We welcome PRs from the community. This document outlines the standard practices and development tools we use.

When you contribute code, you affirm that the contribution is your original work and that you license the work to the project under the project's license. Whether or not you state this explicitly, by submitting any copyrighted material via pull request, email, or other means you agree to license the material under the project's license and warrant that you have the legal authority to do so.

Alibi Detect Licensing

As of 22 January 2024, contributions to Seldon's open source and source available projects are governed by Seldon's Contributor License Agreement ("CLA"). For certain contributions previously contributed to Seldon's open source projects under the Apache 2.0 license, the individual contributions will remain open source under the Apache 2.0 license (see here), but Seldon may include such contribution as part of a larger project that constitutes a derivative work of the project and is licensed as a whole under the Business Source License 1.1. A list of individual contributions that are subject to the Apache 2.0 license are listed here.

Getting started

The easiest way to get started is to install all the development dependencies in a separate virtual environment:

pip install -r requirements/dev.txt -r requirements/docs.txt

This will install everything needed to run alibi-detect and all the dev tools (docs builder, testing, linting etc.)

Git pre-commit hooks

To make it easier to format code locally before submitting a PR, we provide integration with pre-commit to run flake8 and mypy hooks before every commit. After installing the development requirements and cloning the package, run pre-commit install from the project root to install the hooks locally. Now before every git commit ... these hooks will be run to verify that the linting and type checking is correct. If there are errors, the commit will fail and you will see the changes that need to be made.

Testing

We use pytest to run tests. To run all tests just call make test from the root of the project. Test files live together with the library files under tests folders.

Linter

We use flake8 for linting adhering to PEP8 with exceptions defined in setup.cfg.

Type checking

We use type hints to develop the libary and mypy to for static type checking. Some options are defined in setup.cfg.

Docstrings

We adhere to the numpy style docstrings (https://numpydoc.readthedocs.io/en/stable/format.html) with the exception of ommiting argument types in docstrings in favour of type hints in function and class signatures. If you use an IDE, you may be able to configure it to assist you with writing docstrings in the correct format. For PyCharm, you can configure this under File -> Settings -> Tools -> Python Integrated Tools -> Docstrings. For Visual Studio Code, you can obtain docstring generator extensions from the VisualStudio Marketplace.

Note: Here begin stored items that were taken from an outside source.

(* Consider the discrete-time $Geo^X/G_r^{(a,b)}/1$ queue with single ($\delta=0$) or multiple ($\delta=1$) vacations described in the context, with $\rho<1$. Let $P^+(x)=\sum_{n\ge0}p^+_nx^n$ be the pgf of the queue length at service completion epochs. Then for all complex $x$ with $|x|\le1$ and $x^b\ne K^{(b)}(x)$, $$P^+(x)=\frac{\begin{aligned}&\sum_{n=0}^{a-1}p^+_nx^n\{H(x)-1\}K^{(b)}(x)+\sum_{n=0}^{a-1}Q^+_n\Big[x^n\{\delta H(x)-1\}K^{(b)}(x)\\&\quad+x^b(1-\delta)\sum_{j=n}^{a-1}e_{j,n}\Big(\sum_{i=a}^bg_{i-j}K^{(i)}(x)+\sum_{i=b+1-j}^\infty g_ix^{i+j-b}K^{(b)}(x)\Big)\Big]\\&\quad+\sum_{n=a}^{b-1}(p^+_n+Q^+_n)\{x^bK^{(n)}(x)-x^nK^{(b)}(x)\}\end{aligned}}{x^b-K^{(b)}(x)}.$$
   Context: Time is slotted. Fix integers $1\le a\le b$, $\lambda\in(0,1)$, $\bar\lambda=1-\lambda$, and a group-size distribution $(g_m)_{m\ge1}$ with finite mean $\bar g$ and pgf $G(z)=\sum_{m\ge1}g_mz^m$; $g_m=0$ for $m\le0$. In each slot a group arrives with probability $\lambda$, with size distribution $(g_m)$. Service follows the $(a,b)$ bulk rule (start only if at least $a$ wait; take all if $a\le r\le b$ wait, exactly $b$ if more than $b$ wait). A batch of size $r$ ($a\le r\le b$) has service-time pmf $s_r(n)$, $n\ge1$, pgf $S_r^*(z)$, mean $s_r$, $\mu_b=1/s_b$. Vacation times have pmf $v_n$, $n\ge1$, pgf $V^*(z)$, finite mean. $\delta=0$: single vacation (server stays dormant after a vacation until $a$ wait); $\delta=1$: multiple vacations. $\rho=\lambda\bar g/(b\mu_b)<1$. Stationary probabilities $p_{n,0}$ ($0\le n\le a-1$, dormant), $p_{n,r}(u)$ ($n\ge0$ waiting, batch size $a\le r\le b$ in service, remaining service $u\ge1$), $Q_n(u)$ ($n\ge0$ waiting, on vacation, remaining vacation $u\ge1$) satisfy: (E1) $p_{0,0}=(1-\delta)[\bar\lambda p_{0,0}+\bar\lambda Q_0(1)]$; (E2) $p_{n,0}=(1-\delta)[\bar\lambda p_{n,0}+\lambda\sum_{i=1}^ng_ip_{n-i,0}+\bar\lambda Q_n(1)+\lambda\sum_{i=1}^ng_iQ_{n-i}(1)]$, $1\le n\le a-1$; (E3) $p_{0,r}(u)=\bar\lambda p_{0,r}(u+1)+s_r(u)\big[\sum_{m=a}^b(\bar\lambda p_{r,m}(1)+\lambda\sum_{i=1}^rg_ip_{r-i,m}(1))+\bar\lambda Q_r(1)+\lambda\sum_{i=1}^rg_iQ_{r-i}(1)+(1-\delta)\lambda\sum_{i=0}^{a-1}g_{r-i}p_{i,0}\big]$, $a\le r\le b$; (E4) $p_{n,r}(u)=\bar\lambda p_{n,r}(u+1)+\lambda\sum_{i=1}^ng_ip_{n-i,r}(u+1)$, $n\ge1$, $a\le r\le b-1$; (E5) $p_{n,b}(u)=\bar\lambda p_{n,b}(u+1)+\lambda\sum_{i=1}^ng_ip_{n-i,b}(u+1)+s_b(u)\big[\sum_{m=a}^b(\bar\lambda p_{n+b,m}(1)+\lambda\sum_{i=1}^{n+b}g_ip_{n+b-i,m}(1))+\bar\lambda Q_{n+b}(1)+\lambda\sum_{i=1}^{n+b}g_iQ_{n+b-i}(1)+(1-\delta)\lambda\sum_{i=0}^{a-1}g_{n+b-i}p_{i,0}\big]$, $n\ge1$; (E6) $Q_0(u)=\bar\lambda Q_0(u+1)+\bar\lambda(\sum_{m=a}^bp_{0,m}(1)+\delta Q_0(1))v_u$; (E7) $Q_n(u)=\bar\lambda Q_n(u+1)+\lambda\sum_{i=1}^ng_iQ_{n-i}(u+1)+v_u\big[\bar\lambda(\sum_{m=a}^bp_{n,m}(1)+\delta Q_n(1))+\lambda\sum_{i=1}^ng_i(\sum_{m=a}^bp_{n-i,m}(1)+\delta Q_{n-i}(1))\big]$, $1\le n\le a-1$; (E8) $Q_n(u)=\bar\lambda Q_n(u+1)+\lambda\sum_{i=1}^ng_iQ_{n-i}(u+1)$, $n\ge a$; (N) $(1-\delta)\sum_{n=0}^{a-1}p_{n,0}+\sum_{n,r,u}p_{n,r}(u)+\sum_{n,u}Q_n(u)=1$. With $\tau=\sum_{m\ge0}\sum_{r=a}^bp_{m,r}(1)+\sum_{m\ge0}Q_m(1)$: $p^+_{0,r}=\tau^{-1}\bar\lambda p_{0,r}(1)$, $p^+_{n,r}=\tau^{-1}(\bar\lambda p_{n,r}(1)+\lambda\sum_{i=1}^ng_ip_{n-i,r}(1))$ ($n\ge1$); $p^+_n=\sum_{r=a}^bp^+_{n,r}$; $Q^+_0=\tau^{-1}\bar\lambda Q_0(1)$, $Q^+_n=\tau^{-1}(\bar\lambda Q_n(1)+\lambda\sum_{i=1}^ng_iQ_{n-i}(1))$ ($n\ge1$). $K^{(r)}(x)=S_r^*(\bar\lambda+\lambda G(x))$, $H(x)=V^*(\bar\lambda+\lambda G(x))$. $e_{n,i}$ ($0\le i\le n$): $e_{n,n}=1$, $e_{n,n-1}=g_1$, $e_{n,i}=\sum_{j=i+1}^{n-1}e_{n,j}g_{j-i}+g_{n-i}$ for $0\le i\le n-2$. *)

From Stdlib Require Import Reals List.
From Coquelicot Require Import Coquelicot.
Open Scope R_scope.

Definition rsum (f : nat -> R) (m n : nat) : R := sum_n_m f m n.
Definition csum (f : nat -> C) (m n : nat) : C := sum_n_m f m n.

Definition Cser (c : nat -> C) : C :=
  (Series (fun n => Re (c n)), Series (fun n => Im (c n))).

Definition pgf (f : nat -> R) (z : C) : C :=
  Cser (fun n => (RtoC (f n) * Cpow z n)%C).

(* The sequence e_{n,i} (0 <= i <= n) of the paper:
   e_{n,n} = 1, e_{n,n-1} = g_1,
   e_{n,i} = sum_{j=i+1}^{n-1} e_{n,j} g_{j-i} + g_{n-i}  (0 <= i <= n-2).
   etab g n k is the list [e_{n,n}; e_{n,n-1}; ...; e_{n,n-k}]
   (computed by recursion on k = n - i). *)
Fixpoint etab (g : nat -> R) (n k : nat) : list R :=
  match k with
  | O => 1 :: nil
  | S k' =>
      let l := etab g n k' in
      let i := (n - S k')%nat in
      let val :=
        match k' with
        | O => g 1%nat
        | _ => rsum (fun j => nth (n - j)%nat l 0 * g (j - i)%nat) (S i) (n - 1)
               + g (n - i)%nat
        end in
      l ++ val :: nil
  end.

Definition e_coef (g : nat -> R) (n i : nat) : R :=
  nth (n - i)%nat (etab g n (n - i)) 0.

(* Model primitives.  Indices: g m (group size m, g 0 = 0), s r n (service
   time pmf of a batch of size r), v n (vacation pmf), p0 n = p_{n,0},
   p n r u = p_{n,r}(u), Q n u = Q_n(u). *)

Definition is_pmf1 (f : nat -> R) : Prop :=
  f 0%nat = 0 /\ (forall n, 0 <= f n) /\ is_series f 1 /\
  ex_series (fun n => INR n * f n).

Definition mean (f : nat -> R) : R := Series (fun n => INR n * f n).

Definition stationary (a b : nat) (lam delta : R) (g : nat -> R)
  (s : nat -> nat -> R) (v : nat -> R)
  (p0 : nat -> R) (p : nat -> nat -> nat -> R) (Q : nat -> nat -> R) : Prop :=
  let lb := 1 - lam in
  (forall n, 0 <= p0 n) /\ (forall n r u, 0 <= p n r u) /\ (forall n u, 0 <= Q n u) /\
  p0 0%nat = (1 - delta) * (lb * p0 0%nat + lb * Q 0%nat 1%nat) /\
  (forall n, (1 <= n <= a - 1)%nat ->
     p0 n = (1 - delta) * (lb * p0 n + lam * rsum (fun i => g i * p0 (n - i)%nat) 1 n
                           + lb * Q n 1%nat
                           + lam * rsum (fun i => g i * Q (n - i)%nat 1%nat) 1 n)) /\
  (forall r u, (a <= r <= b)%nat -> (1 <= u)%nat ->
     p 0%nat r u = lb * p 0%nat r (S u)
       + s r u * (rsum (fun m => lb * p r m 1%nat
                                 + lam * rsum (fun i => g i * p (r - i)%nat m 1%nat) 1 r) a b
                  + lb * Q r 1%nat + lam * rsum (fun i => g i * Q (r - i)%nat 1%nat) 1 r
                  + (1 - delta) * lam * rsum (fun i => g (r - i)%nat * p0 i) 0 (a - 1))) /\
  (forall n r u, (1 <= n)%nat -> (a <= r <= b - 1)%nat -> (1 <= u)%nat ->
     p n r u = lb * p n r (S u) + lam * rsum (fun i => g i * p (n - i)%nat r (S u)) 1 n) /\
  (forall n u, (1 <= n)%nat -> (1 <= u)%nat ->
     p n b u = lb * p n b (S u) + lam * rsum (fun i => g i * p (n - i)%nat b (S u)) 1 n
       + s b u * (rsum (fun m => lb * p (n + b)%nat m 1%nat
                      + lam * rsum (fun i => g i * p (n + b - i)%nat m 1%nat) 1 (n + b)) a b
                  + lb * Q (n + b)%nat 1%nat
                  + lam * rsum (fun i => g i * Q (n + b - i)%nat 1%nat) 1 (n + b)
                  + (1 - delta) * lam * rsum (fun i => g (n + b - i)%nat * p0 i) 0 (a - 1))) /\
  (forall u, (1 <= u)%nat ->
     Q 0%nat u = lb * Q 0%nat (S u)
       + lb * (rsum (fun m => p 0%nat m 1%nat) a b + delta * Q 0%nat 1%nat) * v u) /\
  (forall n u, (1 <= n <= a - 1)%nat -> (1 <= u)%nat ->
     Q n u = lb * Q n (S u) + lam * rsum (fun i => g i * Q (n - i)%nat (S u)) 1 n
       + v u * (lb * (rsum (fun m => p n m 1%nat) a b + delta * Q n 1%nat)
                + lam * rsum (fun i => g i * (rsum (fun m => p (n - i)%nat m 1%nat) a b
                                              + delta * Q (n - i)%nat 1%nat)) 1 n)) /\
  (forall n u, (a <= n)%nat -> (1 <= u)%nat ->
     Q n u = lb * Q n (S u) + lam * rsum (fun i => g i * Q (n - i)%nat (S u)) 1 n) /\
  (forall n r, ex_series (fun u => p n r (S u))) /\
  (forall n, ex_series (fun u => Q n (S u))) /\
  is_series (fun n => rsum (fun r => Series (fun u => p n r (S u))) a b
                      + Series (fun u => Q n (S u)))
            (1 - (1 - delta) * rsum p0 0 (a - 1)).

Definition tau (a b : nat) (p : nat -> nat -> nat -> R) (Q : nat -> nat -> R) : R :=
  Series (fun m => rsum (fun r => p m r 1%nat) a b + Q m 1%nat).

Definition pplus (a b : nat) (lam : R) (g : nat -> R)
  (p : nat -> nat -> nat -> R) (Q : nat -> nat -> R) (n : nat) : R :=
  match n with
  | O => / tau a b p Q * rsum (fun r => (1 - lam) * p 0%nat r 1%nat) a b
  | _ => / tau a b p Q * rsum (fun r => (1 - lam) * p n r 1%nat
                  + lam * rsum (fun i => g i * p (n - i)%nat r 1%nat) 1 n) a b
  end.

Definition Qplus (a b : nat) (lam : R) (g : nat -> R)
  (p : nat -> nat -> nat -> R) (Q : nat -> nat -> R) (n : nat) : R :=
  match n with
  | O => / tau a b p Q * ((1 - lam) * Q 0%nat 1%nat)
  | _ => / tau a b p Q * ((1 - lam) * Q n 1%nat
                  + lam * rsum (fun i => g i * Q (n - i)%nat 1%nat) 1 n)
  end.

Definition Kf (lam : R) (g : nat -> R) (s : nat -> nat -> R) (r : nat) (x : C) : C :=
  pgf (s r) (RtoC (1 - lam) + RtoC lam * pgf g x)%C.

Definition Hf (lam : R) (g : nat -> R) (v : nat -> R) (x : C) : C :=
  pgf v (RtoC (1 - lam) + RtoC lam * pgf g x)%C.

(* Read p_{n,r}(u) and Q_n(u) as functions of the remaining service or vacation
   time u.  The stationary equations say that f(u) is obtained from f(u+1) by one slot of group
   arrivals, plus the mass of fresh service (resp. vacation) starts weighted by s_r(u) (resp. v_u).
   An arrival slot multiplies generating functions by w(x) = 1 - lam + lam G(x), so unrolling the
   recursion in u turns the weights into S_r^*(w(x)) = K^(r)(x) and V^*(w(x)) = H(x):
     sum_n tau p^+_n x^n = sum_{r=a}^{b-1} K^(r)(x) D_r + K^(b)(x) x^-b (D(x) - sum_{n<b} D_n x^n),
     sum_n tau Q^+_n x^n = H(x) sum_{n<a} E_n x^n,
   where D_n (resp. E_n) is the mass of service (resp. vacation) starts with n waiting.  Since D(x)
   is itself built from these two generating functions and from the groups joining a dormant
   server, this is a linear equation for P^+(x) with coefficient x^b - K^(b)(x).  For a single
   vacation the dormant probabilities p_{n,0} are eliminated by inverting the triangular system
   (E1), (E2), whose inverse is given by the coefficients e_{n,i}. *)

From Stdlib Require Import Reals Arith Lia Lra List.
From Coquelicot Require Import Coquelicot.
Open Scope R_scope.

When documenting Python classes, we adhere to the convention of including docstrings in their __init__ method, rather than as a class level docstring. Docstrings should only be included at the class-level if a class does not posess an __init__ method, for example because it is a static class.

Conventions

  • Names of variables, functions, classes and modules should be written between single back-ticks.

    • A `numpy` scalar type that
    • `X`
    • `extrapolate_constant_perc`
  • Simple mathematical equations should be written between single back-ticks to facilitate readability in the console.

    • A callable that takes an `N x F` tensor, for
    • `x >= v, fun(x) >= target`
  • Complex math should be written in LaTeX.

    • function where :math:`link(output - expected\_value) = sum(\phi)`
  • Other alibi_detect objects should be cross-referenced using references of the form :role:`~object`, where role is one of the roles listed in the sphinx documentation, and object is the full path of the object to reference. For example, the MMDDrift detectors's predict method would be referenced with :meth:`~alibi_detect.cd.mmd.MMDDrift.predict`. This will render as MMDDrift.predict() and link to the relevant API docs page. The same convention can be used to reference objects from other libraries, providing the library is included in intersphinx_mapping in doc/source/conf.py. If the ~ is removed, the absolute object location will be rendered.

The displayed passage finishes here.